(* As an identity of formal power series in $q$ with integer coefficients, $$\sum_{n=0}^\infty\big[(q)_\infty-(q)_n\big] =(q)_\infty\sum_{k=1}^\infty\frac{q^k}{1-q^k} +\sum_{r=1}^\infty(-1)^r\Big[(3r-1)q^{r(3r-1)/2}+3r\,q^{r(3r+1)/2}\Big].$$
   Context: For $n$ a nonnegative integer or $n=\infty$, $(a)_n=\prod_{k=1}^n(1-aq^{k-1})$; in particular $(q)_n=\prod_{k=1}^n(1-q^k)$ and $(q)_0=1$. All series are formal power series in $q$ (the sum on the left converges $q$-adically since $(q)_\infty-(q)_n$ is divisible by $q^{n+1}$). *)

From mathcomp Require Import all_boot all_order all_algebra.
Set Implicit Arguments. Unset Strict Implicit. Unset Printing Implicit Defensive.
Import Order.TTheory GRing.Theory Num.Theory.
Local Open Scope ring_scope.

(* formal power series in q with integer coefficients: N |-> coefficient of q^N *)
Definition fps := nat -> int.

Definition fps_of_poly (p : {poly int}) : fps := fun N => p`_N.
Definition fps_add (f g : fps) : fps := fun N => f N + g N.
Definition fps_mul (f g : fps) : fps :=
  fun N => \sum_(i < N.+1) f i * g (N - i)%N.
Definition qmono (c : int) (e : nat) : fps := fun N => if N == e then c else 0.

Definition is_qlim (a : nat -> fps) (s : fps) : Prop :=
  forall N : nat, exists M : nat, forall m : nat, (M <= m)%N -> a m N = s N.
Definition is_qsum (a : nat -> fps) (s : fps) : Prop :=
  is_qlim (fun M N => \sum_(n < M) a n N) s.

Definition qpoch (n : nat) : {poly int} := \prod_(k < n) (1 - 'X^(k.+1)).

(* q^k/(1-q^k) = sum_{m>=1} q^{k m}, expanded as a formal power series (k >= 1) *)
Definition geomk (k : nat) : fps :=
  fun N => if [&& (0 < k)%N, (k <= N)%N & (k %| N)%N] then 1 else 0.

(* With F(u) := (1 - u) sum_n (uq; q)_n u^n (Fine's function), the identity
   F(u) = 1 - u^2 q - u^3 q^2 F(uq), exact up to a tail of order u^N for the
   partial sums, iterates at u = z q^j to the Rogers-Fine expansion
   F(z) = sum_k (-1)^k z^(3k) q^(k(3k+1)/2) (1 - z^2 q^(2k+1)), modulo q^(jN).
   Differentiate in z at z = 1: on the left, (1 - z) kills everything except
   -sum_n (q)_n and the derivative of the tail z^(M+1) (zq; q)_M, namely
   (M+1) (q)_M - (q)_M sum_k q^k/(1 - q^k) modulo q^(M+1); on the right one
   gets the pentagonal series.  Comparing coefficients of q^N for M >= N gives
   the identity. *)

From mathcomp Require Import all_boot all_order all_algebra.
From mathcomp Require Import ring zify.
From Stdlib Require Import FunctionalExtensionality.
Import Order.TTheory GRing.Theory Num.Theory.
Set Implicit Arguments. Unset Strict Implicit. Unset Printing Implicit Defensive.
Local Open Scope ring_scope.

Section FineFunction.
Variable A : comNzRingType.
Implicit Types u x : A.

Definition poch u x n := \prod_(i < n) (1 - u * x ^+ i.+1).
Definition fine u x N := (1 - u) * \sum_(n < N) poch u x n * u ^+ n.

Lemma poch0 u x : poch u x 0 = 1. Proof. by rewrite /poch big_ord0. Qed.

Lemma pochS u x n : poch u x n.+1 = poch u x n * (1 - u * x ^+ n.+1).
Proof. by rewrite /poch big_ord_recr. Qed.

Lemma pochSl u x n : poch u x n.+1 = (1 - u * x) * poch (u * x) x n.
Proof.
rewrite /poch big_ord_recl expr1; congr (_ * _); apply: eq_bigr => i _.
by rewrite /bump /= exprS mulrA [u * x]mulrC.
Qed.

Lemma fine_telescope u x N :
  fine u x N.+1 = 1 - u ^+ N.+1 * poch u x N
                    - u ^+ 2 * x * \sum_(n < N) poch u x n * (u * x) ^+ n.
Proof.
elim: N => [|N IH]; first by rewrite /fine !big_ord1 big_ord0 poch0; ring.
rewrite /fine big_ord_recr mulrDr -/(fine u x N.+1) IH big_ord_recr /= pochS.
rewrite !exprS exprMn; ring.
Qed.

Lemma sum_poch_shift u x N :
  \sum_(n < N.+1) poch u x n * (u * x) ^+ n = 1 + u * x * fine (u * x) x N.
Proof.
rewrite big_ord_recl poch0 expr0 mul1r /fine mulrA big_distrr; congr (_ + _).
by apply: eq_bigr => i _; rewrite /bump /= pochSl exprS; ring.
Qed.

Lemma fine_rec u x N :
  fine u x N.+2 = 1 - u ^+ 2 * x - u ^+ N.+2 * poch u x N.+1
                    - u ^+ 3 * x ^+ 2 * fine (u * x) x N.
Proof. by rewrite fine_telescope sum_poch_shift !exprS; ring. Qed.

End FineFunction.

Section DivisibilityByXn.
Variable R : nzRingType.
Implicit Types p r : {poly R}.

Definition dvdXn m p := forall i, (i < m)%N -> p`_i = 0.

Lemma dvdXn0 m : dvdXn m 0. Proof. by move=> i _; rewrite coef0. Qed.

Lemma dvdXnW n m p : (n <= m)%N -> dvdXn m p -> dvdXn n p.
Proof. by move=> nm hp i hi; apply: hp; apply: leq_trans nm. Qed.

------------------------------

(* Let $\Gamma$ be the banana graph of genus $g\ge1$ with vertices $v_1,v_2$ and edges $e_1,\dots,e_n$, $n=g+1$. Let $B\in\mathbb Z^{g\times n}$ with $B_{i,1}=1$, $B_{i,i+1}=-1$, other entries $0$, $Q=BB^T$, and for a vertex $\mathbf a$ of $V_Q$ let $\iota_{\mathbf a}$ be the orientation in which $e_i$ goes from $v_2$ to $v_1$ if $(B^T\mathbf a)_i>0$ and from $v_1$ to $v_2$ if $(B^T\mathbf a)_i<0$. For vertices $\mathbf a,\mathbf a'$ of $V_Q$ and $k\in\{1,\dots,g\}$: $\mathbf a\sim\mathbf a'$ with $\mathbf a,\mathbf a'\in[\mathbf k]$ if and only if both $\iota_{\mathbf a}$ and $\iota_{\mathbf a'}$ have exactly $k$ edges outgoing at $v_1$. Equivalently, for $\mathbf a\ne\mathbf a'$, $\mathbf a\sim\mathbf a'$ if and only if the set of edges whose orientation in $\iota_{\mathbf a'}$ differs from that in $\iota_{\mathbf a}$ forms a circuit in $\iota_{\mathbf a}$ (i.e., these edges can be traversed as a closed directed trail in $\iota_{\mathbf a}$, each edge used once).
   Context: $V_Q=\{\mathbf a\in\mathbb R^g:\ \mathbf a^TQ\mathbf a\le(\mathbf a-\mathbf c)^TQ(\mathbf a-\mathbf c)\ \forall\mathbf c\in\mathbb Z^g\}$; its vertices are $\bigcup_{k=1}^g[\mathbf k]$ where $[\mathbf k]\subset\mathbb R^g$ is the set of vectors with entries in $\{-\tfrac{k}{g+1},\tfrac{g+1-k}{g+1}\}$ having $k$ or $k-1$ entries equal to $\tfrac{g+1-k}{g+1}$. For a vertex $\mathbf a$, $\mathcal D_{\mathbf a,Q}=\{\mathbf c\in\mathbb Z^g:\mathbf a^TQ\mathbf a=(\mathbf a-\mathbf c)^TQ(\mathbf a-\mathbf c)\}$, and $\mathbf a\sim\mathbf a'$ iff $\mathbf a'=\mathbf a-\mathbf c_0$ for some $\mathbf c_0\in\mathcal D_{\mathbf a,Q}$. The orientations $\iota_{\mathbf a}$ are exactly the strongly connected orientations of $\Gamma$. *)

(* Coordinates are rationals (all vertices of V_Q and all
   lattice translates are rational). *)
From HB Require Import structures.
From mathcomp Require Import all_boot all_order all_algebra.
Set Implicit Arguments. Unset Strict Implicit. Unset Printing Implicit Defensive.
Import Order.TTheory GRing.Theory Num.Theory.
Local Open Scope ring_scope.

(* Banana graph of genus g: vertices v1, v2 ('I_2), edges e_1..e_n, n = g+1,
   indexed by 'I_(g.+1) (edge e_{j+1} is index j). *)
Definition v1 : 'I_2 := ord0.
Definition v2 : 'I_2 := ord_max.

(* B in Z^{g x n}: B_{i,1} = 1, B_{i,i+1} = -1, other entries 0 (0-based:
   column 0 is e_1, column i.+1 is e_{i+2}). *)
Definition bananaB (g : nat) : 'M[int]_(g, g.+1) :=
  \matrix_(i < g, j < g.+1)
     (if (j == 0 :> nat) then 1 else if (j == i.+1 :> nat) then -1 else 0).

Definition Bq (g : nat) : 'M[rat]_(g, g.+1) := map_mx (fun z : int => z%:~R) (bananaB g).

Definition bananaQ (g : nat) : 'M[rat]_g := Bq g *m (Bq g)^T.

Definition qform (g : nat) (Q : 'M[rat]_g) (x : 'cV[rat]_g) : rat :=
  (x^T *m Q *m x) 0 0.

------------------------------

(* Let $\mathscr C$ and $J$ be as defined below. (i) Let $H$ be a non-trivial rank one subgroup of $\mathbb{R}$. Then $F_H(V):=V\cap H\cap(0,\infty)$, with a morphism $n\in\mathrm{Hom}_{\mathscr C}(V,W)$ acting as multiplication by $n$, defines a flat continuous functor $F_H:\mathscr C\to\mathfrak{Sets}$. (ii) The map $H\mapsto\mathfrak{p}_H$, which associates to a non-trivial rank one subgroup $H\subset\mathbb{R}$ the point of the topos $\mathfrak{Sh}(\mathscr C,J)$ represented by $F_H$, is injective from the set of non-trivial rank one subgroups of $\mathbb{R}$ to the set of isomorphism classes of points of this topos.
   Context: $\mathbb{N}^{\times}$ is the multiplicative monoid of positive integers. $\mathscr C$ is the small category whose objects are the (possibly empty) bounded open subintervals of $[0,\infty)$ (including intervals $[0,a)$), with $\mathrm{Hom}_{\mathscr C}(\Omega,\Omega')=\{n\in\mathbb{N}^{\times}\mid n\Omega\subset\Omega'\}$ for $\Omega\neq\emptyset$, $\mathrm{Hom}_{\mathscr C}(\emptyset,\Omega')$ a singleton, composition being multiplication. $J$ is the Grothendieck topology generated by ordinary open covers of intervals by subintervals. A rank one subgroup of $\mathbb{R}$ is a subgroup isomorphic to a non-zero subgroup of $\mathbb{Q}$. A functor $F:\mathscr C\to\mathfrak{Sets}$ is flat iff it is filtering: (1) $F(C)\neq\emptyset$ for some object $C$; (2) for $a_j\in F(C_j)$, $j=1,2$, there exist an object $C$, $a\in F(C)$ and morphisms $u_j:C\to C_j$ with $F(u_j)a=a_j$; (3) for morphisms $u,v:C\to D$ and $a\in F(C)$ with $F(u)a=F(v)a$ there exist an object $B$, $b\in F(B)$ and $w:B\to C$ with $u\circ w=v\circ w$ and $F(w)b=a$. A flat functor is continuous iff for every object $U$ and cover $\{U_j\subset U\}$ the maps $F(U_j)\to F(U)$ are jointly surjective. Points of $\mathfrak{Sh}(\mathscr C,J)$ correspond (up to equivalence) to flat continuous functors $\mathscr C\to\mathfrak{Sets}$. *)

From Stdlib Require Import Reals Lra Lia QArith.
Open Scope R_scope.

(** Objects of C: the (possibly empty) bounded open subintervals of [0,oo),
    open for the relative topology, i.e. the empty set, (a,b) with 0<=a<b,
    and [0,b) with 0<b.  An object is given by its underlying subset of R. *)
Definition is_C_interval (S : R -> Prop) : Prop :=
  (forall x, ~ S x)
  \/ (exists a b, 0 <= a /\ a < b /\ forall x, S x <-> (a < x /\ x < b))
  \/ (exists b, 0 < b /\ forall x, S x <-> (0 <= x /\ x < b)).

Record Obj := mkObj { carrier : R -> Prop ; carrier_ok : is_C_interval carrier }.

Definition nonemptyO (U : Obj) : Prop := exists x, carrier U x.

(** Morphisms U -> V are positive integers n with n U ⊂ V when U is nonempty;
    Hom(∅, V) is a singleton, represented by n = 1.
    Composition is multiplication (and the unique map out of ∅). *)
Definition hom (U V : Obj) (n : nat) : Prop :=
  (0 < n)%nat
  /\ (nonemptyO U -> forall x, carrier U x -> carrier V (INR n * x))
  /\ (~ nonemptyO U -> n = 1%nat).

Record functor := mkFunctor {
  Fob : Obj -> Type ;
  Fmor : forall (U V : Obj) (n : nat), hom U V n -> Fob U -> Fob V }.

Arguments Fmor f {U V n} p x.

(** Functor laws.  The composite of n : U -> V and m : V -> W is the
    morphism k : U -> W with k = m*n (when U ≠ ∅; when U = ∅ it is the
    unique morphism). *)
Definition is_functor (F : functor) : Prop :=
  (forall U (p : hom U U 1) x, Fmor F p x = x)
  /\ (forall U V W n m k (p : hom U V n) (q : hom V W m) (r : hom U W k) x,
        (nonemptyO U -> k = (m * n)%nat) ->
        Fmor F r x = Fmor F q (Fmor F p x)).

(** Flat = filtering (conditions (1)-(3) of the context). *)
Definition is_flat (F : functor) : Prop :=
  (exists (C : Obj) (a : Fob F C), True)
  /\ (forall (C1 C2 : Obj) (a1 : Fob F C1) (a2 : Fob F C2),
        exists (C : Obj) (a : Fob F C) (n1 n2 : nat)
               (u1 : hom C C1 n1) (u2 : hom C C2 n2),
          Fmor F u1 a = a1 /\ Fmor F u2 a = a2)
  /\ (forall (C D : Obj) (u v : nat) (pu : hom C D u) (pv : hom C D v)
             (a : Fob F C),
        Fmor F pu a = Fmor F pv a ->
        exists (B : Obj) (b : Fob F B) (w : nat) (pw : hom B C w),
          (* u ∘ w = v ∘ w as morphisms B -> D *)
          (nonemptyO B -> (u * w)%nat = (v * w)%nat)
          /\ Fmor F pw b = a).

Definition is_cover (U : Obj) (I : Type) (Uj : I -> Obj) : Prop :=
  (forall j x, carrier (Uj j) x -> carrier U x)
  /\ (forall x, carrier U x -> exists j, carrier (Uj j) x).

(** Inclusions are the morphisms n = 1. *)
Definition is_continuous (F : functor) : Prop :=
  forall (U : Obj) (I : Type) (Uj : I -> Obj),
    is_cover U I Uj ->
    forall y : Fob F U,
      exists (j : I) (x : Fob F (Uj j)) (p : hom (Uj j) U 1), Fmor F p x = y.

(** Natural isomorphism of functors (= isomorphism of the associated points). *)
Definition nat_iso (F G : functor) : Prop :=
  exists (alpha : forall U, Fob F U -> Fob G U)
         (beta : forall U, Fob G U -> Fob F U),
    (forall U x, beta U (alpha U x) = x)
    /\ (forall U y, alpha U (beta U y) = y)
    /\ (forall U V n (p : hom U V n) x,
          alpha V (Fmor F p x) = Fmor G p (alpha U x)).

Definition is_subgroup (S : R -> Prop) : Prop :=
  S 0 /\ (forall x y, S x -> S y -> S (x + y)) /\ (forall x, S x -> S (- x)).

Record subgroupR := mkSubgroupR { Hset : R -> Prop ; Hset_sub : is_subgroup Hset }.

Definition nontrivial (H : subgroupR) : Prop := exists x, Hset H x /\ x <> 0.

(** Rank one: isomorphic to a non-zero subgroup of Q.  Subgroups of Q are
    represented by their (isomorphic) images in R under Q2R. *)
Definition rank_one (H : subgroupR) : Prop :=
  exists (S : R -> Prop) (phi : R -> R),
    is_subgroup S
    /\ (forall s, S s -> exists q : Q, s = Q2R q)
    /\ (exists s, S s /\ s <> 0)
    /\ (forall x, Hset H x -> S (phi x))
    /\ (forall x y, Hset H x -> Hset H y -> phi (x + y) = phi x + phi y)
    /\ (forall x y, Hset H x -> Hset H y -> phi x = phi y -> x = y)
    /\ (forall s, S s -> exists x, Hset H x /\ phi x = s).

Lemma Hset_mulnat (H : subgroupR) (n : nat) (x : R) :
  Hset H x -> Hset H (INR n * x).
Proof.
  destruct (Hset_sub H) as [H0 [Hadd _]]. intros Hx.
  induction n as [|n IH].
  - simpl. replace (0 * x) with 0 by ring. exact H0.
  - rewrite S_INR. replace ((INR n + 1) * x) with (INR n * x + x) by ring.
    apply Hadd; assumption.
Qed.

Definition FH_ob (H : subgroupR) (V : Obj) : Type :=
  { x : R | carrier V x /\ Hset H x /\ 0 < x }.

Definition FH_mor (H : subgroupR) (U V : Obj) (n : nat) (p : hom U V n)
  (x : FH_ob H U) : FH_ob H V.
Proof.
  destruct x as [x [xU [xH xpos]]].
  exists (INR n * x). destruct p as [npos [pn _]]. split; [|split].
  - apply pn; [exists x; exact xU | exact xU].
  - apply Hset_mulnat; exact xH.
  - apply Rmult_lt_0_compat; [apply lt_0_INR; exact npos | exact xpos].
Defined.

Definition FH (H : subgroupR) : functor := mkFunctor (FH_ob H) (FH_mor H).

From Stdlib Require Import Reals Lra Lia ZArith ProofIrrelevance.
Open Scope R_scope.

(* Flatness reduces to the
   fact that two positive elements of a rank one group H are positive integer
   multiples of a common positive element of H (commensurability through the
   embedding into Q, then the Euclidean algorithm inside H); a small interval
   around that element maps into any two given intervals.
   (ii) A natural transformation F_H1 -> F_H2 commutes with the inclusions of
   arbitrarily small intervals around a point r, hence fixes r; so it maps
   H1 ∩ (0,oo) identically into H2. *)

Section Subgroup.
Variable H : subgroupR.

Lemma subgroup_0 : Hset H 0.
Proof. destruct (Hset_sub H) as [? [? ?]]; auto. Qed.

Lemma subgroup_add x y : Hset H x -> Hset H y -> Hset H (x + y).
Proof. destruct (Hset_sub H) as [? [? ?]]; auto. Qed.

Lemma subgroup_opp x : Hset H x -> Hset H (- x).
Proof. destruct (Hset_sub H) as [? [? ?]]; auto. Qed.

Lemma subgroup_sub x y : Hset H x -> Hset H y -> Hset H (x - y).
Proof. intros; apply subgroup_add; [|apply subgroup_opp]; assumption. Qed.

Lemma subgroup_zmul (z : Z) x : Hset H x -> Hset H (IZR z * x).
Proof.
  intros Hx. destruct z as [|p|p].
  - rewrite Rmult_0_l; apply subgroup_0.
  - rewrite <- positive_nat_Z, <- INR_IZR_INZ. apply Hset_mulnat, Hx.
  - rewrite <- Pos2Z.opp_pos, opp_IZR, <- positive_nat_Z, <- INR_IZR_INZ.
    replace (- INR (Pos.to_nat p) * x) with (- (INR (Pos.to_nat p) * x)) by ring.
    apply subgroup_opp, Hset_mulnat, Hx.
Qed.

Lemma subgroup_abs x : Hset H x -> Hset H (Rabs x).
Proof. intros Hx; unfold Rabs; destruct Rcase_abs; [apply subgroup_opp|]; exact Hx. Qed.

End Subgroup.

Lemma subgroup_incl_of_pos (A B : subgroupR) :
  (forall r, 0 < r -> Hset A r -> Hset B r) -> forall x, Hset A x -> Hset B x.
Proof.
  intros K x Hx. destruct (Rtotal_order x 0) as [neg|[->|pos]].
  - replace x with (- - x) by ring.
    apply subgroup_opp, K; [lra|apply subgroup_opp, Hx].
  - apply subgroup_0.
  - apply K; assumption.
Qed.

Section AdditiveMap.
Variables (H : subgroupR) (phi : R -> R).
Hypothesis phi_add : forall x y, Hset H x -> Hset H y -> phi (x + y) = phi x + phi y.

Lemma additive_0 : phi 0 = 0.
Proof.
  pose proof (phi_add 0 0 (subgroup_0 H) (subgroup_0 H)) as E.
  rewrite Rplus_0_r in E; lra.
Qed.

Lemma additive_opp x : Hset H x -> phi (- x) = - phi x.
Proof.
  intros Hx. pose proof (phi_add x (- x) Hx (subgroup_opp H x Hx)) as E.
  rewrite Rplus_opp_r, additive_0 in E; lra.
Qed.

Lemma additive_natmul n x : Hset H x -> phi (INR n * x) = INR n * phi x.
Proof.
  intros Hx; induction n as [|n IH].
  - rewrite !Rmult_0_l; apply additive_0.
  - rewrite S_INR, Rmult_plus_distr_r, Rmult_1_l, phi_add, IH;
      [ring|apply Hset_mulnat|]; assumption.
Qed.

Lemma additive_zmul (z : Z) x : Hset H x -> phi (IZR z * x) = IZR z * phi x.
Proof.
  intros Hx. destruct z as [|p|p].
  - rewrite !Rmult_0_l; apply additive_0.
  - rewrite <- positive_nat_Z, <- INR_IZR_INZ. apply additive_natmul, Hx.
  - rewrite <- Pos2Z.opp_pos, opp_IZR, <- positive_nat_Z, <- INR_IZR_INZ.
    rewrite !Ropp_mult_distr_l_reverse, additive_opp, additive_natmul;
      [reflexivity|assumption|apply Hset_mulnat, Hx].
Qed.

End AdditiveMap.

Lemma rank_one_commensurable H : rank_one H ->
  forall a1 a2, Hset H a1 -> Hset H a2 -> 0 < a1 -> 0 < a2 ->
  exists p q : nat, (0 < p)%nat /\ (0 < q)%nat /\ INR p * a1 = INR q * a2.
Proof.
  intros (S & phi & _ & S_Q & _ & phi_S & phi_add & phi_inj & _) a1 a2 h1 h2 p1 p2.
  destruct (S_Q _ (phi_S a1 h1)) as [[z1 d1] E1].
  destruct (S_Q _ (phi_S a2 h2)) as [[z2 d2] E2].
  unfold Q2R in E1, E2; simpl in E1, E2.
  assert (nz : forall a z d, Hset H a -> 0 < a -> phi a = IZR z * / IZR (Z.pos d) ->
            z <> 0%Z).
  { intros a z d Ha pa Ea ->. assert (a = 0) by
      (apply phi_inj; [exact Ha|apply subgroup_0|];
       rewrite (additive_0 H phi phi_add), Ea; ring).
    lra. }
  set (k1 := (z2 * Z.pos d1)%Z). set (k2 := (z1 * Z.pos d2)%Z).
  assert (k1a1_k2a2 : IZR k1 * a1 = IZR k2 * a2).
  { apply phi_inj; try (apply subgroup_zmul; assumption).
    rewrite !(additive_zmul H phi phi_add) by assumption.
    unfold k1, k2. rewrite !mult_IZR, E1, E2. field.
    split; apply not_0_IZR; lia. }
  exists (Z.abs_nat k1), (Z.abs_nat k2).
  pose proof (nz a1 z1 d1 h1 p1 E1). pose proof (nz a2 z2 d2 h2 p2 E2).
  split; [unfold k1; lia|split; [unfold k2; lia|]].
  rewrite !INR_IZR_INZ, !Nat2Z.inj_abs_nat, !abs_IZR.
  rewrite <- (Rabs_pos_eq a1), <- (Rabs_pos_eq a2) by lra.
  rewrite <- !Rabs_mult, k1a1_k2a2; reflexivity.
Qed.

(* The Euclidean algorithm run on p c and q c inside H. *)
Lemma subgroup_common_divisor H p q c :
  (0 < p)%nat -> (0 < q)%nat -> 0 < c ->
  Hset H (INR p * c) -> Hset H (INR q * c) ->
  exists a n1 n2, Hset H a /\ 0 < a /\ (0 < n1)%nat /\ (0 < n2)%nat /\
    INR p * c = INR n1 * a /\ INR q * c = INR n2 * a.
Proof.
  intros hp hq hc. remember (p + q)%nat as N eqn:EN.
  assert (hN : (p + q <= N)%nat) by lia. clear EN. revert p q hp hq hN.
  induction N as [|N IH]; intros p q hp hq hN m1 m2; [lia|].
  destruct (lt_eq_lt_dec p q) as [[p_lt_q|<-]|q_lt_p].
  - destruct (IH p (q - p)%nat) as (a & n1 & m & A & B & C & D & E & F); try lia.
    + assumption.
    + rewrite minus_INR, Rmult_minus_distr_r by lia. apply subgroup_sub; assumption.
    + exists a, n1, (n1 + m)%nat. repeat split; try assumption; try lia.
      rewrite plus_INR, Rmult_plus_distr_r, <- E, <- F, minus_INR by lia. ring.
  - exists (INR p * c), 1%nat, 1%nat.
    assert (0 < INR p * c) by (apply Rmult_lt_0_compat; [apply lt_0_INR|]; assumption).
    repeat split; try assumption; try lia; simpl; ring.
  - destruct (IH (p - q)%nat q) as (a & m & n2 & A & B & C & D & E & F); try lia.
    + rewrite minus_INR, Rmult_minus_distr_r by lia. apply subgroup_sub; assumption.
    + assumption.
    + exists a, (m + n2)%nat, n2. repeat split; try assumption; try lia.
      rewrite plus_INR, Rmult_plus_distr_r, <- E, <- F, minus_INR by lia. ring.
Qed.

------------------------------

### Your assignment
Copy out each line of the listing where the string "Record" appears.

### Reply
Record Obj := mkObj { carrier : R -> Prop ; carrier_ok : is_C_interval carrier }.
Record functor := mkFunctor {
Record subgroupR := mkSubgroupR { Hset : R -> Prop ; Hset_sub : is_subgroup Hset }.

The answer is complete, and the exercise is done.